Entre los varios remedios caseros para la halitosis o el mal aliento como se lo conoce comúnmente, el uso de la alholva ha demostrado ser el más eficaz. Un té hecho de las semillas de este vegetal se debe tomar regularmente para corregir la condición. Este té debe prepararse poniendo una cucharadita de semillas en medio litro de agua fría y permitiendo que se cocine a fuego lento durante quince minutos. A continuación, debe ser filtrada y ser utilizado como té.
Otro remedio eficaz para el mal
aliento es el aguacate, que es muy superior a cualquier enjuague de boca o
remedios para esta enfermedad. Se elimina de forma efectiva toda la
putrefacción o la descomposición intestinal que es una de las causas más
importantes del mal aliento.
La guayaba verde es útil en la
halitosis o mal aliento. Es rico en ácidos tánicos, málico, oxálico y
fosfórico, así como el calcio, oxalato y manganeso. La masticación de las
hojas de esta planta produce un excelente tónico para los dientes y las
encías. Ayuda a curar el sangrado de las encías y hace que te olvides del
mal aliento.
El perejil tiene un poder muy
valioso en lo que se refiere a curar el mal aliento. Se prepara hirviendo dos
tazas de agua con varias ramitas de perejil puede ser picado o en trozos
grandes. Se debe agregar a esta infusión dos o tres clavos de olor o un cuarto
de cucharadita de clavo molido. Esta mezcla se debe revolver de vez en
cuando mientras se enfría. A continuación, debe ser filtrada y usada como
enjuague bucal o gárgaras varias veces al día.

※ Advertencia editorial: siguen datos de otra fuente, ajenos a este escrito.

(* Let $T>0$. Define $\lambda(T)$ by $$\lambda(T)=\begin{cases}\dfrac{-q+\sqrt{q^2-4pr}}{2p} & \text{if } w^*_b\neq\tfrac12,\\[2mm] \dfrac{4\sum_{i\in\mathcal{K}'}I_i\log I_i+T+S}{2\sum_{i\in\mathcal{K}'}I_i} & \text{if } w^*_b=\tfrac12,\end{cases}$$ (where in the first case it is assumed that $q^2-4pr\ge0$), and define $W(T)=(W_1(T),\dots,W_k(T))$ by $W_i(T)=w^*_i\,\frac{\lambda(T)-2\log I_i}{1+T/S}$ for $i\in\mathcal{K}'$ and $W_b(T)=\sigma_b\sqrt{\sum_{i\in\mathcal{K}'}W_i(T)^2/\sigma_i^2}$. Let $I_{\max}=\max_{i\in\mathcal{K}'}I_i$ and $$T_1=2\sum_{i\in\mathcal{K}'}\Big[\frac{\sigma_b^2I_i^2}{\sigma_i^2(S-I_b)}-I_i\Big]\log\frac{I_{\max}}{I_i}-S,$$ $$T_2=2\sum_{i\in\mathcal{K}'}I_i\log\frac{I_{\max}}{I_i}+2\sigma_b\sqrt{\sum_{i\in\mathcal{K}'}\frac{I_i^2}{\sigma_i^2}\Big(\log\frac{I_{\max}}{I_i}\Big)^2}-S,$$ $$T_0=\begin{cases}\max\{T_1,T_2\}&\text{if } w^*_b\ne\tfrac12,\\ 4\sum_{i\in\mathcal{K}'}I_i\log\frac{I_{\max}}{I_i}-S&\text{if } w^*_b=\tfrac12.\end{cases}$$ If $T\ge T_0$, then $W_i(T)\ge0$ for all $i\in\mathcal{K}$.
   Context: Let $k\ge 2$ and $\mathcal{K}=\{1,\dots,k\}$. For each $i\in\mathcal{K}$ fix real numbers $\mu_i$ and $\sigma_i>0$. Let $b\in\mathcal{K}$ be the unique index with $\mu_b<\mu_i$ for all $i\neq b$, and let $\mathcal{K}'=\mathcal{K}\setminus\{b\}$. For $i\in\mathcal{K}'$ put $\delta_{i,b}=\mu_i-\mu_b>0$ and $I_i=\sigma_i^2/\delta_{i,b}^2$; put $I_b=\sigma_b\sqrt{\sum_{i\in\mathcal{K}'}I_i^2/\sigma_i^2}$, $S=\sum_{i\in\mathcal{K}}I_i$, and $w^*_i=I_i/S$ for $i\in\mathcal{K}$. Define $p=S(2I_b-S)$, $q=-4\sigma_b^2\sum_{i\in\mathcal{K}'}\frac{I_i^2\log I_i}{\sigma_i^2}+2(S-I_b)\big(2\sum_{i\in\mathcal{K}'}I_i\log I_i+T+S\big)$, $r=4\sigma_b^2\sum_{i\in\mathcal{K}'}\frac{I_i^2\log^2I_i}{\sigma_i^2}-\big(2\sum_{i\in\mathcal{K}'}I_i\log I_i+T+S\big)^2$. *)

From mathcomp Require Import all_boot all_order all_algebra.
From mathcomp Require Import reals exp.
Set Implicit Arguments. Unset Strict Implicit. Unset Printing Implicit Defensive.
Import Order.TTheory GRing.Theory Num.Theory.
Local Open Scope ring_scope.

Section Defs.
Variable R : realType.
Variable k : nat.
Variables (mu sigma : 'I_k -> R) (b : 'I_k).

Definition delta (i : 'I_k) : R := mu i - mu b.
Definition Ia (i : 'I_k) : R := sigma i ^+ 2 / delta i ^+ 2.
Definition Ib : R :=
  sigma b * Num.sqrt (\sum_(i < k | i != b) Ia i ^+ 2 / sigma i ^+ 2).
Definition II (i : 'I_k) : R := if i == b then Ib else Ia i.
Definition SS : R := \sum_(i < k) II i.
Definition wstar (i : 'I_k) : R := II i / SS.

Definition pp : R := SS * (2 * Ib - SS).
Definition Aux (T : R) : R :=
  2 * (\sum_(i < k | i != b) II i * ln (II i)) + T + SS.
Definition qq (T : R) : R :=
  - 4 * sigma b ^+ 2 * (\sum_(i < k | i != b) II i ^+ 2 * ln (II i) / sigma i ^+ 2)
  + 2 * (SS - Ib) * Aux T.
Definition rr (T : R) : R :=
  4 * sigma b ^+ 2 * (\sum_(i < k | i != b) II i ^+ 2 * ln (II i) ^+ 2 / sigma i ^+ 2)
  - Aux T ^+ 2.

Definition lambda (T : R) : R :=
  if wstar b != 2^-1 then
    (- qq T + Num.sqrt (qq T ^+ 2 - 4 * pp * rr T)) / (2 * pp)
  else
    (4 * (\sum_(i < k | i != b) II i * ln (II i)) + T + SS)
      / (2 * (\sum_(i < k | i != b) II i)).

Definition Wa (T : R) (i : 'I_k) : R :=
  wstar i * (lambda T - 2 * ln (II i)) / (1 + T / SS).
Definition W (T : R) (i : 'I_k) : R :=
  if i == b then sigma b * Num.sqrt (\sum_(j < k | j != b) Wa T j ^+ 2 / sigma j ^+ 2)
  else Wa T i.

(* I_max = max_{i in K'} I_i  (all I_i > 0, so 0 is a neutral seed) *)
Definition Imax : R := \big[Num.max/0]_(i < k | i != b) II i.

Definition T1 : R :=
  2 * (\sum_(i < k | i != b)
         (sigma b ^+ 2 * II i ^+ 2 / (sigma i ^+ 2 * (SS - Ib)) - II i)
         * ln (Imax / II i)) - SS.
Definition T2 : R :=
  2 * (\sum_(i < k | i != b) II i * ln (Imax / II i))
  + 2 * sigma b * Num.sqrt (\sum_(i < k | i != b)
                              II i ^+ 2 / sigma i ^+ 2 * ln (Imax / II i) ^+ 2)
  - SS.
Definition T0 : R :=
  if wstar b != 2^-1 then Num.max T1 T2
  else 4 * (\sum_(i < k | i != b) II i * ln (Imax / II i)) - SS.

End Defs.

(* For i <> b we have W_i(T) = w*_i (lambda(T) - 2 ln I_i) / (1 + T/S), and
   W_b(T) is a square root, hence nonnegative.  Since every I_i (i <> b) is
   positive and at most I_max, it suffices to show lambda(T) >= 2 ln I_max.
   Write M = ln I_max and P = sum_{i<>b} I_i.
   - If w*_b = 1/2, lambda(T) is an explicit quotient by 2P > 0 and the
     hypothesis T >= T_0 is exactly the inequality lambda(T) >= 2M.
   - Otherwise lambda(T) is the larger root of p x^2 + q x + r.  A point L
     with p L^2 + q L + r <= 0 and 2 p L + q >= 0 lies below that root
     (lemma [le_quadratic_root]). *)
From mathcomp Require Import all_boot all_order all_algebra.
From mathcomp Require Import reals exp.
From mathcomp Require Import ring lra.
Import Order.TTheory GRing.Theory Num.Theory.
Local Open Scope ring_scope.

Lemma le_quadratic_root (R : realFieldType) (p q r s L : R) :
  p != 0 -> 0 <= s -> s ^+ 2 = q ^+ 2 - 4 * p * r ->
  p * L ^+ 2 + q * L + r <= 0 -> 0 <= 2 * p * L + q ->
  L <= (- q + s) / (2 * p).
Proof.
move=> p0 s0 sE fL dL.
have key : (2 * p * L + q) ^+ 2 = s ^+ 2 + 4 * p * (p * L ^+ 2 + q * L + r).
  by rewrite sE; ring.
case: (ltgtP p 0) => hp; last by rewrite hp eqxx in p0.
- rewrite ler_ndivlMr; last by lra.
  suff : s <= 2 * p * L + q by lra.
  nra.
- rewrite ler_pdivlMr; last by lra.
  suff : 2 * p * L + q <= s by lra.
  nra.
Qed.

Lemma sqr_le_of_mul_sqrt (R : rcfType) (a X g : R) :
  0 <= a -> 0 <= X -> a * Num.sqrt X <= g -> a ^+ 2 * X <= g ^+ 2.
Proof.
move=> a0 X0 hg.
have h0 : 0 <= a * Num.sqrt X by rewrite mulr_ge0 ?sqrtr_ge0.
have -> : a ^+ 2 * X = (a * Num.sqrt X) ^+ 2 by rewrite exprMn sqr_sqrtr.
by rewrite ler_sqr // nnegrE; apply: le_trans hg.
Qed.

Section OptimalAllocation.
Variables (R : realType) (k : nat) (mu sigma : 'I_k -> R) (b : 'I_k).
Hypothesis sigma_gt0 : forall i, 0 < sigma i.
Hypothesis mu_b_min : forall i, i != b -> mu b < mu i.

Local Notation I := (II mu sigma b).
Local Notation Imax := (Imax mu sigma b).
Local Notation Ib := (Ib mu sigma b).
Local Notation S := (SS mu sigma b).
Local Notation M := (ln Imax).
Local Notation P := (\sum_(i < k | i != b) I i).
Local Notation B2 := (\sum_(i < k | i != b) I i ^+ 2 / sigma i ^+ 2).
Local Notation Q := (\sum_(i < k | i != b) I i * ln (I i)).
Local Notation C := (\sum_(i < k | i != b) I i ^+ 2 * ln (I i) / sigma i ^+ 2).
Local Notation E :=
  (\sum_(i < k | i != b) I i ^+ 2 * ln (I i) ^+ 2 / sigma i ^+ 2).

Lemma I_gt0 {j : 'I_k} : j != b -> 0 < I j.
Proof.
move=> hj; rewrite /II (negbTE hj) /Ia /delta.
have := mu_b_min j hj; have := sigma_gt0 j => h1 h2.
by apply: divr_gt0; apply: exprn_gt0; lra.
Qed.

Lemma IbE : Ib = sigma b * Num.sqrt B2.
Proof.
rewrite /Ib; congr (_ * Num.sqrt _); apply: eq_bigr => j hj.
by rewrite /II (negbTE hj).
Qed.

Lemma Ib_ge0 : 0 <= Ib.
Proof. by rewrite IbE mulr_ge0 ?sqrtr_ge0 // ltW. Qed.

Lemma Ib_sqr : Ib ^+ 2 = sigma b ^+ 2 * B2.
Proof.
rewrite IbE exprMn sqr_sqrtr //.
by apply: sumr_ge0 => j _; rewrite divr_ge0 ?sqr_ge0.
Qed.

Lemma SSE : S = Ib + P.
Proof. by rewrite /SS (bigD1 b) //= /II eqxx. Qed.

Lemma le_Imax {j : 'I_k} : j != b -> I j <= Imax.
Proof. by move=> hj; rewrite /Imax (bigD1 j) //= le_max lexx. Qed.

Lemma Imax_gt0 {j : 'I_k} : j != b -> 0 < Imax.
Proof. by move=> hj; exact: lt_le_trans (I_gt0 hj) (le_Imax hj). Qed.

Lemma ln_le_lnImax {j : 'I_k} : j != b -> ln (I j) <= M.
Proof.
by move=> hj; rewrite ler_ln ?posrE ?le_Imax ?I_gt0 ?(Imax_gt0 hj).
Qed.

Lemma ln_Imax_div {j : 'I_k} : j != b -> ln (Imax / I j) = M - ln (I j).
Proof. by move=> hj; rewrite ln_div ?posrE ?I_gt0 ?(Imax_gt0 hj). Qed.

Lemma sum_I_ln_ratio :
  \sum_(i < k | i != b) I i * ln (Imax / I i) = M * P - Q.
Proof.
rewrite mulr_sumr -sumrB; apply: eq_bigr => j hj.
by rewrite ln_Imax_div //; ring.
Qed.

Lemma sum_I2_ln_ratio2 :
  \sum_(i < k | i != b) I i ^+ 2 / sigma i ^+ 2 * ln (Imax / I i) ^+ 2
  = M ^+ 2 * B2 - 2 * M * C + E.
Proof.
rewrite !mulr_sumr -sumrB -big_split; apply: eq_bigr => j hj.
by rewrite /= ln_Imax_div //; have sj := sigma_gt0 j; field; lra.
Qed.

(* M B2 - C is a nonnegative combination of the M - ln I_i. *)
Lemma MB2_sub_C_ge0 : 0 <= M * B2 - C.
Proof.
have -> : M * B2 - C
    = \sum_(i < k | i != b) I i ^+ 2 / sigma i ^+ 2 * (M - ln (I i)).
  rewrite mulr_sumr -sumrB; apply: eq_bigr => j hj.
  by have sj := sigma_gt0 j; field; lra.
apply: sumr_ge0 => j hj; rewrite mulr_ge0 ?divr_ge0 ?sqr_ge0 //.
by rewrite subr_ge0 ln_le_lnImax.
Qed.

Section QuadraticAtTwoM.
Variable T : R.

(* The slack g of T over the linear part of T_2, and the quantity X under
   the square root in T_2. *)
Local Notation g := (T + S - 2 * (M * P - Q)).
Local Notation X := (M ^+ 2 * B2 - 2 * M * C + E).

(* Value and derivative of p x^2 + q x + r at x = 2M; the defect
   I_b^2 - sigma_b^2 B2 of the naive identity vanishes by [Ib_sqr]. *)
Lemma quadratic_at_2M :
  pp mu sigma b * (2 * M) ^+ 2 + qq mu sigma b T * (2 * M) + rr mu sigma b T
  = 4 * sigma b ^+ 2 * X - g ^+ 2.
Proof.
have -> : pp mu sigma b * (2 * M) ^+ 2 + qq mu sigma b T * (2 * M)
          + rr mu sigma b T
    = 4 * sigma b ^+ 2 * X - g ^+ 2 + 4 * M ^+ 2 * (Ib ^+ 2 - sigma b ^+ 2 * B2).
  by rewrite /pp /qq /rr /Aux SSE; ring.
by rewrite Ib_sqr subrr mulr0 addr0.
Qed.

Lemma derivative_at_2M :
  2 * pp mu sigma b * (2 * M) + qq mu sigma b T
  = 4 * sigma b ^+ 2 * (M * B2 - C) + 2 * P * g.
Proof.
have -> : 2 * pp mu sigma b * (2 * M) + qq mu sigma b T
    = 4 * sigma b ^+ 2 * (M * B2 - C) + 2 * P * g
      + 4 * M * (Ib ^+ 2 - sigma b ^+ 2 * B2).
  by rewrite /pp /qq /Aux SSE; ring.
by rewrite Ib_sqr subrr mulr0 addr0.
Qed.

End QuadraticAtTwoM.

Hypothesis k_ge2 : (2 <= k)%N.

Lemma exists_ne_b : exists j : 'I_k, j != b.
Proof.
case: (eqVneq b (Ordinal (ltnW k_ge2))) => hb.
  by exists (Ordinal k_ge2); rewrite hb.
by exists (Ordinal (ltnW k_ge2)); rewrite eq_sym.
Qed.

Lemma P_gt0 : 0 < P.
Proof.
have [j0 hj0] := exists_ne_b.
rewrite (bigD1 j0) //= ltr_pwDl ?I_gt0 //.
by apply: sumr_ge0 => j /andP [hj _]; apply/ltW/I_gt0.
Qed.

Lemma SS_gt0 : 0 < S.
Proof. by rewrite SSE ltr_wpDl ?Ib_ge0 ?P_gt0. Qed.

Lemma pp_neq0 : wstar mu sigma b b != 2^-1 -> pp mu sigma b != 0.
Proof.
move=> hw; rewrite /pp mulf_neq0 //; first by rewrite gt_eqF ?SS_gt0.
apply: contra hw => /eqP h; rewrite /wstar /II eqxx; apply/eqP.
have -> : Ib = S / 2 by lra.
by field; rewrite gt_eqF ?SS_gt0.
Qed.

Lemma lambda_ge_half (T : R) :
  wstar mu sigma b b = 2^-1 -> T0 mu sigma b <= T ->
  2 * M <= lambda mu sigma b T.
Proof.
move=> hw; rewrite /T0 /lambda hw eqxx /= sum_I_ln_ratio => hT.
by rewrite ler_pdivlMr; have := P_gt0; lra.
Qed.

Lemma lambda_ge_generic (T : R) :
  wstar mu sigma b b != 2^-1 ->
  0 <= qq mu sigma b T ^+ 2 - 4 * pp mu sigma b * rr mu sigma b T ->
  T0 mu sigma b <= T ->
  2 * M <= lambda mu sigma b T.
Proof.
move=> hw discr_ge0; rewrite /T0 /lambda hw ge_max => /andP [_].
rewrite /T2 sum_I_ln_ratio sum_I2_ln_ratio2 => hT2.
set X := M ^+ 2 * B2 - 2 * M * C + E in hT2.
have X_ge0 : 0 <= X.
  rewrite /X -sum_I2_ln_ratio2; apply: sumr_ge0 => j _.
  by rewrite mulr_ge0 ?divr_ge0 ?sqr_ge0.
have sigb := sigma_gt0 b.
have sqrtX_ge0 := sqrtr_ge0 X.
set g := T + S - 2 * (M * P - Q).
have g_bound : (2 * sigma b) * Num.sqrt X <= g by rewrite /g; lra.
have g_ge0 : 0 <= g.
  by apply: le_trans g_bound; rewrite mulr_ge0 //; lra.
have g_sqr : (2 * sigma b) ^+ 2 * X <= g ^+ 2.
  by apply: sqr_le_of_mul_sqrt => //; lra.
apply: le_quadratic_root; rewrite ?pp_neq0 ?sqrtr_ge0 ?sqr_sqrtr //.
- rewrite quadratic_at_2M -/X -/g; move: g_sqr; rewrite exprMn; lra.
- rewrite derivative_at_2M -/g.
  have := mulr_ge0 (sqr_ge0 (sigma b)) MB2_sub_C_ge0.
  have := mulr_ge0 (ltW P_gt0) g_ge0.
  lra.
Qed.

Lemma W_ge0_of_lambda (T : R) :
  0 < T -> 2 * M <= lambda mu sigma b T ->
  forall i, 0 <= W mu sigma b T i.
Proof.
move=> Tpos hlam i; rewrite /W; case: ifP => [_|/negbT hi].
  by rewrite mulr_ge0 ?sqrtr_ge0 // ltW.
have := ln_le_lnImax hi; have := I_gt0 hi; have := SS_gt0 => hS hI hln.
have hTS : 0 < T / S by apply: divr_gt0.
by rewrite /Wa /wstar divr_ge0 ?mulr_ge0 ?invr_ge0 ?(ltW hI) ?(ltW hS) //;
  lra.
Qed.

End OptimalAllocation.

Theorem lemma3 (R : realType) (k : nat) (mu sigma : 'I_k -> R) (b : 'I_k)
  (T : R) :
  (2 <= k)%N ->
  (forall i, 0 < sigma i) ->
  (forall i, i != b -> mu b < mu i) ->
  0 < T ->
  (wstar mu sigma b b != 2^-1 ->
     0 <= qq mu sigma b T ^+ 2 - 4 * pp mu sigma b * rr mu sigma b T) ->
  T0 mu sigma b <= T ->
  forall i : 'I_k, 0 <= W mu sigma b T i.
Proof.
move=> k_ge2 sigma_gt0 mu_b_min Tpos discr_ge0 hT0.
apply: W_ge0_of_lambda => //.
case: (eqVneq (wstar mu sigma b b) 2^-1) => hw.
- exact: lambda_ge_half.
- exact: lambda_ge_generic (discr_ge0 hw) hT0.
Qed.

Todos los jugos de frutas y
hortalizas son beneficiosos en el tratamiento de la halitosis o mal aliento y
deben ser tomados libremente por aquellos que sufren de este trastorno.
Los jugos de vegetales verdes son especialmente valiosos.
Las personas que sufren de
halitosis deben tener una dieta bien equilibrada que consiste en semillas,
nueces, granos, verduras y frutas, con énfasis en vegetales crudos y cocidos, y
frutas de estacion. En caso de estreñimiento, todas las medidas deben ser
adoptadas para su erradicación. Es importante que eviten los alimentos
refinados, los carbohidratos, como el azúcar blanco, pan blanco y productos
hechos de ellos, así como grandes cantidades de carne.